*Exercise requirements*: What you return must match the records exactly, with every line included.

Collected data
Lemma len_size s : (len s <= size s)%N.
Proof. exact: len_min. Qed.

Lemma len_cat_le s t : (len (s ++ t) <= len s + size t)%N.
Proof.
have [u eu <-] := len_spec s.
by rewrite -size_cat; apply/len_min/eqw_cat.
Qed.

End Reflections.


Lemma ex_argmin (T : Type) (P : T -> Prop) (mu : T -> nat) :
  (exists x, P x) -> exists2 x, P x & forall y, P y -> (mu x <= mu y)%N.
Proof.
move=> [x0 Px0].
have ex : exists k, `[< exists2 x, P x & mu x = k >] by exists (mu x0); apply/asboolP; exists x0.
case: (ex_minnP ex) => k /asboolP [x Px <-] hmin.
by exists x => // y Py; apply/hmin/asboolP; exists y.
Qed.

Lemma finite_fibers_cover (T : eqType) (F : finType) (f : T -> F) :
  exists L : seq T, forall x, exists2 y, y \in L & f y = f x.
Proof.
suff [L hL] : exists L : seq T, forall x, f x \in enum F -> exists2 y, y \in L & f y = f x.
  by exists L => x; apply: hL; rewrite mem_enum.
elim: (enum F) => [|c S [L hL]]; first by exists [::].
have [[x0 fx0]|nx] := pselect (exists x, f x = c).
  exists (x0 :: L) => x; rewrite inE => /predU1P[->|/hL[y yL fy]].
    by exists x0; rewrite ?mem_head.
  by exists y; rewrite // inE yL orbT.
exists L => x; rewrite inE => /predU1P[fx|]; last exact: hL.
by case: nx; exists x.
Qed.

(** * Integral vectors positive on a free family *)

Lemma clear_denominators p (v : 'I_p -> rat) :
  exists2 D : int, 0 < D & exists z : 'I_p -> int, forall k, (z k)%:~R = D%:~R * v k.
Proof.
exists (\prod_k denq (v k)); first by apply: prodr_gt0 => k _; apply: denq_gt0.
exists (fun k => numq (v k) * \prod_(j | j != k) denq (v j)) => k.
by rewrite intrM numqE !rmorph_prod [X in _ = X * _](bigD1 k) //=; ring.
Qed.

Section FreeFamily.
Variables (n m : nat) (v : 'I_n -> 'rV[int]_m).
Hypothesis hfree : free_family v.

Definition rat_mx : 'M[rat]_(n, m) := \matrix_(i, k) (v i 0 k)%:~R.

Lemma row_free_rat_mx : row_free rat_mx.
Proof.
apply: inj_row_free => c hc.
have [D D0 [z hz]] := clear_denominators (fun i => c 0 i).
have hz0 : \sum_i z i *: v i = 0.
  apply/rowP => k; rewrite mxE summxE; apply: (@intr_inj rat).
  rewrite rmorph_sum /=.
  under eq_bigr => i _ do rewrite mxE intrM hz.
  have := congr1 (fun M : 'rV[rat]_m => D%:~R * M 0 k) hc.
  rewrite /= !mxE mulr0 mulr_sumr => h.
  rewrite mulr0z -[X in _ = X]h; apply: eq_bigr => i _; rewrite mxE; ring.
apply/rowP => i; rewrite mxE.
have := hz i; rewrite (hfree hz0) => /esym /eqP; rewrite mulf_eq0 intr_eq0 (gt_eqF D0) /=.
by move/eqP.
Qed.

(* Solve [rat_mx *m r = 1] over the rationals, then clear denominators. *)
Lemma free_family_pair_ge1 : exists rho : 'rV[int]_m, forall i, 1 <= pair (v i) rho.
Proof.
have /row_freeP [B hB] := row_free_rat_mx.
pose r : 'cV[rat]_m := B *m const_mx 1.
have hr : rat_mx *m r = const_mx 1 by rewrite /r mulmxA hB mul1mx.
have [D D0 [z hz]] := clear_denominators (fun k => r k 0).
exists (\row_k z k) => i.
suff -> : pair (v i) (\row_k z k) = D by [].
apply: (@intr_inj rat); rewrite /pair rmorph_sum /=.
under eq_bigr => k _ do rewrite mxE intrM hz.
have := congr1 (fun M : 'cV[rat]_n => D%:~R * M i 0) hr.
rewrite /= !mxE mulr1 mulr_sumr => h.
rewrite -[X in _ = X]h; apply: eq_bigr => k _; rewrite !mxE; ring.
Qed.

End FreeFamily.

(** * Rank two *)

(* In the basis (alphav s, alphav s') of a rank-two subsystem, with Cartan
   entries a1 = alpha_s(alphav s'), a2 = alpha_s'(alphav s), the reflections
   act on y + c.1 alphav s + c.2 alphav s' through the coordinates c, the
   offsets P, Q being alpha_s(y), alpha_s'(y); [b] selects r_s or r_s'. *)
Definition rank2_step (a1 a2 P Q : int) (b : bool) (c : int * int) : int * int :=
  if b then (c.1 - (P + 2 * c.1 + a1 * c.2), c.2)
  else (c.1, c.2 - (Q + a2 * c.1 + 2 * c.2)).

Fixpoint rank2_iter (a1 a2 P Q : int) (b : bool) (k : nat) (c : int * int) :=
  if k is k'.+1 then rank2_iter a1 a2 P Q (~~ b) k' (rank2_step a1 a2 P Q b c)
  else c.

(* Case a1 a2 >= 4 (affine or hyperbolic): the last hypothesis is an invariant. *)
Lemma rank2_iter_ge0 a1 a2 k b c : 4 <= a1 * a2 -> a1 <= 0 -> a2 <= 0 ->
  0 <= c.1 -> 0 <= c.2 ->
  (if b then 2 * c.1 <= - a1 * c.2 else 2 * c.2 <= - a2 * c.1) ->
  0 <= (rank2_iter a1 a2 0 0 b k c).1 /\ 0 <= (rank2_iter a1 a2 0 0 b k c).2.
Proof.
move=> h4 ha1 ha2; elim: k b c => [|k IH] b [X Y] //= hX hY hb.
by apply: IH; case: b hb => /= hb; nia.
Qed.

*Exercise response*:
Lemma len_size s : (len s <= size s)%N.
Proof. exact: len_min. Qed.

Lemma len_cat_le s t : (len (s ++ t) <= len s + size t)%N.
Proof.
have [u eu <-] := len_spec s.
by rewrite -size_cat; apply/len_min/eqw_cat.
Qed.

End Reflections.


Lemma ex_argmin (T : Type) (P : T -> Prop) (mu : T -> nat) :
  (exists x, P x) -> exists2 x, P x & forall y, P y -> (mu x <= mu y)%N.
Proof.
move=> [x0 Px0].
have ex : exists k, `[< exists2 x, P x & mu x = k >] by exists (mu x0); apply/asboolP; exists x0.
case: (ex_minnP ex) => k /asboolP [x Px <-] hmin.
by exists x => // y Py; apply/hmin/asboolP; exists y.
Qed.

Lemma finite_fibers_cover (T : eqType) (F : finType) (f : T -> F) :
  exists L : seq T, forall x, exists2 y, y \in L & f y = f x.
Proof.
suff [L hL] : exists L : seq T, forall x, f x \in enum F -> exists2 y, y \in L & f y = f x.
  by exists L => x; apply: hL; rewrite mem_enum.
elim: (enum F) => [|c S [L hL]]; first by exists [::].
have [[x0 fx0]|nx] := pselect (exists x, f x = c).
  exists (x0 :: L) => x; rewrite inE => /predU1P[->|/hL[y yL fy]].
    by exists x0; rewrite ?mem_head.
  by exists y; rewrite // inE yL orbT.
exists L => x; rewrite inE => /predU1P[fx|]; last exact: hL.
by case: nx; exists x.
Qed.

(** * Integral vectors positive on a free family *)

Lemma clear_denominators p (v : 'I_p -> rat) :
  exists2 D : int, 0 < D & exists z : 'I_p -> int, forall k, (z k)%:~R = D%:~R * v k.
Proof.
exists (\prod_k denq (v k)); first by apply: prodr_gt0 => k _; apply: denq_gt0.
exists (fun k => numq (v k) * \prod_(j | j != k) denq (v j)) => k.
by rewrite intrM numqE !rmorph_prod [X in _ = X * _](bigD1 k) //=; ring.
Qed.

Section FreeFamily.
Variables (n m : nat) (v : 'I_n -> 'rV[int]_m).
Hypothesis hfree : free_family v.

Definition rat_mx : 'M[rat]_(n, m) := \matrix_(i, k) (v i 0 k)%:~R.

Lemma row_free_rat_mx : row_free rat_mx.
Proof.
apply: inj_row_free => c hc.
have [D D0 [z hz]] := clear_denominators (fun i => c 0 i).
have hz0 : \sum_i z i *: v i = 0.
  apply/rowP => k; rewrite mxE summxE; apply: (@intr_inj rat).
  rewrite rmorph_sum /=.
  under eq_bigr => i _ do rewrite mxE intrM hz.
  have := congr1 (fun M : 'rV[rat]_m => D%:~R * M 0 k) hc.
  rewrite /= !mxE mulr0 mulr_sumr => h.
  rewrite mulr0z -[X in _ = X]h; apply: eq_bigr => i _; rewrite mxE; ring.
apply/rowP => i; rewrite mxE.
have := hz i; rewrite (hfree hz0) => /esym /eqP; rewrite mulf_eq0 intr_eq0 (gt_eqF D0) /=.
by move/eqP.
Qed.

(* Solve [rat_mx *m r = 1] over the rationals, then clear denominators. *)
Lemma free_family_pair_ge1 : exists rho : 'rV[int]_m, forall i, 1 <= pair (v i) rho.
Proof.
have /row_freeP [B hB] := row_free_rat_mx.
pose r : 'cV[rat]_m := B *m const_mx 1.
have hr : rat_mx *m r = const_mx 1 by rewrite /r mulmxA hB mul1mx.
have [D D0 [z hz]] := clear_denominators (fun k => r k 0).
exists (\row_k z k) => i.
suff -> : pair (v i) (\row_k z k) = D by [].
apply: (@intr_inj rat); rewrite /pair rmorph_sum /=.
under eq_bigr => k _ do rewrite mxE intrM hz.
have := congr1 (fun M : 'cV[rat]_n => D%:~R * M i 0) hr.
rewrite /= !mxE mulr1 mulr_sumr => h.
rewrite -[X in _ = X]h; apply: eq_bigr => k _; rewrite !mxE; ring.
Qed.

End FreeFamily.

(** * Rank two *)

(* In the basis (alphav s, alphav s') of a rank-two subsystem, with Cartan
   entries a1 = alpha_s(alphav s'), a2 = alpha_s'(alphav s), the reflections
   act on y + c.1 alphav s + c.2 alphav s' through the coordinates c, the
   offsets P, Q being alpha_s(y), alpha_s'(y); [b] selects r_s or r_s'. *)
Definition rank2_step (a1 a2 P Q : int) (b : bool) (c : int * int) : int * int :=
  if b then (c.1 - (P + 2 * c.1 + a1 * c.2), c.2)
  else (c.1, c.2 - (Q + a2 * c.1 + 2 * c.2)).

Fixpoint rank2_iter (a1 a2 P Q : int) (b : bool) (k : nat) (c : int * int) :=
  if k is k'.+1 then rank2_iter a1 a2 P Q (~~ b) k' (rank2_step a1 a2 P Q b c)
  else c.

(* Case a1 a2 >= 4 (affine or hyperbolic): the last hypothesis is an invariant. *)
Lemma rank2_iter_ge0 a1 a2 k b c : 4 <= a1 * a2 -> a1 <= 0 -> a2 <= 0 ->
  0 <= c.1 -> 0 <= c.2 ->
  (if b then 2 * c.1 <= - a1 * c.2 else 2 * c.2 <= - a2 * c.1) ->
  0 <= (rank2_iter a1 a2 0 0 b k c).1 /\ 0 <= (rank2_iter a1 a2 0 0 b k c).2.
Proof.
move=> h4 ha1 ha2; elim: k b c => [|k IH] b [X Y] //= hX hY hb.
by apply: IH; case: b hb => /= hb; nia.
Qed.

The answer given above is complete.